IBM cell multiprocessor [5] as become a new direction for future systems. Chip multiprocessors are touted as an approach to deliver increased performance, now the adoption is increasing due to diminishing returns of the uni-processor designs.

The goal of this project is to select and implement a benchmark designed for evaluating the parallel systems on the IBM Cell processor using the multi-processing power of the same to reduce its execution time.

### The IRS Benchmark

We selected the IRS benchmark [1][2][3] from UC LLNL for our project. The name IRS stands for Implicit Radiation Solver. IRS solves a diffusion equation on a three-dimensional, block structured mesh. The single CPU instruction mix for this benchmark is roughly 40%load/store, 18% floating point, 31% fixed-point, and 11% branch.

### The Cell processor

The Cell engine is designed to address the diminishing returns available from a single core. This exploits parallelism at all levels, data level parallelism, instruction level parallelism, thread level parallelism and compute transfer parallelism. Key feature is to provide parallelism degrees at each level to ensure good utilization.

Data level parallelization offers an efficient method to increase the amount of computation. Power consumption is reduced due to sharing the execution between both scalar and SIMD computation elimination control and data path duplication. This also reduces the power requirement. When there is data parallelism the power spent is on the computation hence the power to performance ration of such architectures is high.

Instruction level parallelism avoids power inefficiency, because no execution units are added for performance increase. ILP increases average memory latency by concurrently servicing multiple outstanding cache misses.
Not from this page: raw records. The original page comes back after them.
Lemma max_deg_bound_lt_gap N t : 0 < t -> t * t + 5 * t + 2 < 2 * N ->
  N * t < 'C(N - t, 2) + 'C(t + 2, 2).
Proof.
move=> t_gt0 tN.
have [m eN] : exists m, N = t + m by exists (N - t); lia.
subst N; rewrite addKn.
have := bin2_sq m; have := bin2_sq (t + 2).
(* tN multiplied by m and by t^2 - t + 1: the certificate nia does not find alone *)
have h1 : (t * t + 3 * t + 3) * m <= 2 * m * m by nia.
have h2 : (t * t + 3 * t + 3) * (t * t - t + 1) <= 2 * m * (t * t - t + 1) by nia.
nia.
Qed.

Lemma star_bound_lt_gap N t D : t + 2 <= D -> D + t <= N ->
  'C(D, 2) + 'C(N - D, 2) + 2 * (N - D) < 'C(N - t, 2) + 'C(t + 2, 2).
Proof.
move=> tD DN.
have [q eD] : exists q, D = t + 2 + q by exists (D - (t + 2)); lia.
have [p eN] : exists p, N = D + t + p by exists (N - (D + t)); lia.
subst N D.
have -> : t + 2 + q + t + p - (t + 2 + q) = t + p by lia.
have -> : t + 2 + q + t + p - t = t + 2 + q + p by lia.
have := bin2_sq (t + 2 + q + p); have := bin2_sq (t + 2).
have := bin2_sq (t + p); have := bin2_sq (t + 2 + q).
lia.
Qed.

Lemma not_feasible_in_gap N M t : 0 < t -> t * t + 5 * t + 2 < 2 * N ->
  'C(N - t, 2) + 'C(t + 2, 2) <= M <= 'C(N - t + 1, 2) - 1 -> ~ feasible N M.
Proof.
move=> t_gt0 tN /andP [lo hi] [n [E [sE cE cM]]]; subst N M.
have [e eE] : exists e, e \in E by apply/card_gt0P; lia.
have [u0 _] : exists u0, u0 \in e by apply/card_gt0P; rewrite (sE _ eE).
have [v _ vmax] := @arg_maxnP _ u0 xpredT (deg E) isT.
have lo_deg : 'C(deg E v, 2) <= #|line_graph_edges E|.
  by rewrite card_line_graph_edges // (bigD1 v) //= leq_addr.
have deg_le : deg E v <= #|E| - t.
  by apply: leq_of_bin2_ltn; have := bin_gt0 (t + 2) 2; rewrite addn1 in hi; lia.
have [small | large] := leqP (deg E v) t.+1.
  have := card_line_graph_edges_max_deg sE (fun u => vmax u isT).
  have := max_deg_bound_lt_gap t_gt0 tN.
  have : #|E| * (deg E v).-1 <= #|E| * t by apply: leq_mul => //; lia.
  lia.
have := card_line_graph_edges_star v sE.
have := @star_bound_lt_gap #|E| t (deg E v); lia.
Qed.

Definition pair_deg (l : seq (nat * nat)) w :=
  count (fun p : nat * nat => (p.1 == w) || (p.2 == w)) l.

Lemma pair_deg_cat l1 l2 w : pair_deg (l1 ++ l2) w = pair_deg l1 w + pair_deg l2 w.
Proof. exact: count_cat. Qed.

Section PairGraph.
Variable n : nat.

Definition pair_ok (p : nat * nat) := p.1 < p.2 <= n.
Definition pair_edge (p : nat * nat) : {set 'I_n.+1} := [set inord p.1; inord p.2].

Lemma mem_pair_edge p (u : 'I_n.+1) : pair_ok p ->
  (u \in pair_edge p) = (p.1 == u) || (p.2 == u).
Proof.
by case/andP => lt12 le2n; rewrite !inE -!val_eqE /= !inordK ?(eq_sym (val u)) //; lia.
Qed.

Lemma card_pair_edge p : pair_ok p -> #|pair_edge p| = 2.
Proof.
case/andP => lt12 le2n; rewrite cards2 -val_eqE /= !inordK ?(ltn_eqF lt12) //; lia.
Qed.

Lemma pair_edge_inj : {in pair_ok &, injective pair_edge}.
Proof.
move=> [a b] [c d]; rewrite !unfold_in /pair_ok /= => /andP [ab bn] /andP [cd dn] eq_edge.
have mem_cd x : x <= n -> inord x \in pair_edge (a, b) -> (c == x) || (d == x).
  by move=> xn; rewrite eq_edge mem_pair_edge /pair_ok ?cd //= inordK.
move: (mem_cd a (ltnW (leq_trans ab bn)) (setU11 _ _)) (mem_cd b bn (setU1r _ (set11 _))).
by move=> /orP [] /eqP ca /orP [] /eqP cb; congr (_, _); lia.
Qed.

Lemma feasible_pairs l : all pair_ok l -> uniq l ->
  feasible (size l) (\sum_(u < n.+1) 'C(pair_deg l u, 2)).
Proof.
move=> /allP okl ul.
have simpleE : simple_edges [set:: map pair_edge l].
  by move=> e; rewrite inE => /mapP [p /okl okp ->]; apply: card_pair_edge.
have uniqE : uniq (map pair_edge l).
  by rewrite map_inj_in_uniq // => p q /okl okp /okl okq; apply: pair_edge_inj.
exists n.+1, [set:: map pair_edge l]; split => //.
  by rewrite cardsE (card_uniqP uniqE) size_map.
rewrite card_line_graph_edges //; apply: eq_bigr => u _; congr 'C(_, 2); rewrite /deg.
have -> : star [set:: map pair_edge l] u =
          [set:: [seq e : {set 'I_n.+1} <- map pair_edge l | u \in e]].
  by apply/setP => e; rewrite !inE mem_filter andbC.
rewrite cardsE (card_uniqP (filter_uniq _ uniqE)) size_filter count_map.
by apply: eq_in_count => p /okl okp; rewrite /= mem_pair_edge.
Qed.

End PairGraph.

Definition star_pairs (c m len : nat) := [seq (c, w) | w <- iota m len].
Definition matching_pairs (b r : nat) := [seq (b + i.*2, (b + i.*2).+1) | i <- iota 0 r].

Lemma pair_deg_star c m len w :
  pair_deg (star_pairs c m len) w = if c == w then len else m <= w < m + len.
Proof.
rewrite /pair_deg count_map; have [<- | ncw] := eqVneq c w.
  by rewrite (eq_count (a2 := predT)) ?count_predT ?size_iota // => u /=; rewrite eqxx.
rewrite -mem_iota -(count_uniq_mem w (iota_uniq m len)); apply: eq_count => u /=.
by rewrite (negbTE ncw) eq_sym.
Qed.

Lemma pair_deg_matching b r w : pair_deg (matching_pairs b r) w = (b <= w < b + r.*2).
Proof.
elim: r => [|r IHr]; first by rewrite /pair_deg /=; lia.
rewrite /pair_deg /matching_pairs -addn1 iotaD map_cat count_cat -/(pair_deg _ _) IHr /=.
by case: eqP; case: eqP => /=; lia.
Qed.

Definition double_star_pairs D k j r :=
  star_pairs 0 1 D ++ star_pairs 1 (D.+1 - j) k ++ matching_pairs (D.+1 - j + k) r.

Lemma bin2_pair_deg_double_star D k j r w : j <= k -> j < D ->
  'C(pair_deg (double_star_pairs D k j r) w, 2) =
  if w == 0 then 'C(D, 2) else if w == 1 then 'C(k.+1, 2) else D.+1 - j <= w < D.+1.
Proof.
move=> jk jD; rewrite !pair_deg_cat !pair_deg_star pair_deg_matching.
case: w => [|[|w]] /=; try by congr 'C(_, 2); lia.
rewrite bin2_le2; lia.
Qed.

Lemma feasible_double_star D k j r : j <= k -> j < D ->
  feasible (D + k + r) ('C(D, 2) + 'C(k.+1, 2) + j).
Proof.
move=> jk jD; set l := double_star_pairs D k j r.
have okl : all (pair_ok (D + k + r.*2)) l.
  rewrite !all_cat; apply/and3P; split; apply/allP => p /mapP [i];
    by rewrite mem_iota /pair_ok => ? -> /=; lia.
have ul : uniq l.
  rewrite !cat_uniq !map_inj_uniq ?iota_uniq /=; first last.
  - by move=> x y [] ->.
  - by move=> x y [] ->.
  - by move=> x y [] ? _; lia.
  rewrite andbT; apply/andP; split.
    apply/hasPn => p; rewrite mem_cat => /orP [] /mapP [u _ ->];
      by apply/negP => /mapP [v _] [] /=; lia.
  by apply/hasPn => p /mapP [u _ ->]; apply/negP => /mapP [v _] [] /=; lia.
have := feasible_pairs okl ul; rewrite !size_cat !size_map !size_iota addnA.
suff -> : \sum_(u < (D + k + r.*2).+1) 'C(pair_deg l u, 2) = 'C(D, 2) + 'C(k.+1, 2) + j.
  by [].
rewrite -(big_mkord xpredT (fun u => 'C(pair_deg l u, 2))) big_ltn // big_ltn; last by lia.
rewrite !bin2_pair_deg_double_star //= addnA.
rewrite (eq_big_nat _ _ (F2 := fun i => (D.+1 - j <= i < D.+1 : nat))); last first.
  by case=> [|[|i]] //; rewrite bin2_pair_deg_double_star.
by rewrite sum_nat_indicator; congr (_ + _); lia.
Qed.

Lemma feasible_outside_gaps N M : 0 < N -> M <= 'C(N, 2) ->
  (forall t, 0 < t -> t * t + 5 * t + 2 < 2 * N ->
     ~ ('C(N - t, 2) + 'C(t + 2, 2) <= M <= 'C(N - t + 1, 2) - 1)) ->
  feasible N M.
Proof.
move=> N_gt0 MN no_gap.
have [D loD hiD] := bin2_floor M; rewrite bin2S in hiD.
have DN : D <= N by apply: leq_of_bin2_ltn; rewrite bin2S; lia.
have [s eN] : exists s, N = D + s by exists (N - D); lia.
have [x eM] : exists x, M = 'C(D, 2) + x by exists (M - 'C(D, 2)); lia.
subst N M.
have x_small : x < 'C(s + 2, 2).
  have [s0 | s_gt0] := posnP s; first by move: MN; rewrite s0 addn0 add0n binn; lia.
  have [sN | Ns] := ltnP (s * s + 5 * s + 2) (2 * (D + s)).
    by have := no_gap s s_gt0 sN; rewrite addnK addn1 bin2S; lia.
  by have := bin2_sq (s + 2); lia.
have [[|k] loK hiK] := bin2_floor x; rewrite bin2S in hiK; first by lia.
have ks : k <= s by rewrite -ltnS; apply: leq_of_bin2_ltn; rewrite addn2 in x_small; lia.
have := @feasible_double_star D k (x - 'C(k.+1, 2)) (s - k).
by rewrite -addnA subnKC // -addnA subnKC //; apply; lia.
Qed.

Lemma sqrt_bound_iff N t :
  (INR t < (-5 + sqrt (INR (8 * N + 17))) / 2)%R <-> t * t + 5 * t + 2 < 2 * N.
Proof.
have -> : t * t + 5 * t + 2 < 2 * N <->
          (INR ((2 * t + 5) * (2 * t + 5)) < INR (8 * N + 17))%R.
  by split => [? | /INR_lt /ltP]; [apply/lt_INR/ltP | ]; lia.
have pos_t := pos_INR t.
(* keep K folded so that only the left-hand side gets expanded *)
set K := INR (8 * N + 17).
rewrite -multE -plusE !mult_INR plus_INR mult_INR /=.
split => h.
- by apply: sqrt_lt_0_alt; rewrite sqrt_square; lra.
- by have := sqrt_lt_1_alt _ _ (conj (Rle_0_sqr _) h); rewrite sqrt_square; lra.
Qed.

Theorem theorem1 (N M : nat) :
  5 <= N -> M <= 'C(N, 2) ->
  (~ feasible N M <->
   exists t : nat,
     [/\ 1 <= t,
         (INR t < (-5 + sqrt (INR (8 * N + 17))) / 2)%R
       & 'C(N - t, 2) + 'C(t + 2, 2) <= M <= 'C(N - t + 1, 2) - 1]).
Proof.
move=> N_ge5 MN; split => [infeasible | [t [t_gt0 /sqrt_bound_iff tN gap]]].
  apply: NNPP => no_gap; apply: infeasible.
  apply: feasible_outside_gaps => // [|t t_gt0 tN gap]; first by lia.
  by apply: no_gap; exists t; split => //; apply/sqrt_bound_iff.
exact: not_feasible_in_gap t_gt0 tN gap.
Qed.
A processor continues execution across a cache miss to encounter clusters of cache misses. This allows to concurrently initiate the cache reload for several cache misses.

Thread level parallelism is support with a multithreaded PPE core and multiple SPE cores. This delivers a significant boost in performance it also provides a high power/performance efficiency. To exploit memory more efficiently transfer operations are inserted well before the computation is done, this ensures that the data is ready during execution.

### **Cell memory architecture**

The key to exploiting memory bandwidth is to increase the number of simultaneous cache misses to reduce the average service time and the memory bandwidth. By putting multiple threads on a chip the latency of one core waiting for data can be covered by the other computing core.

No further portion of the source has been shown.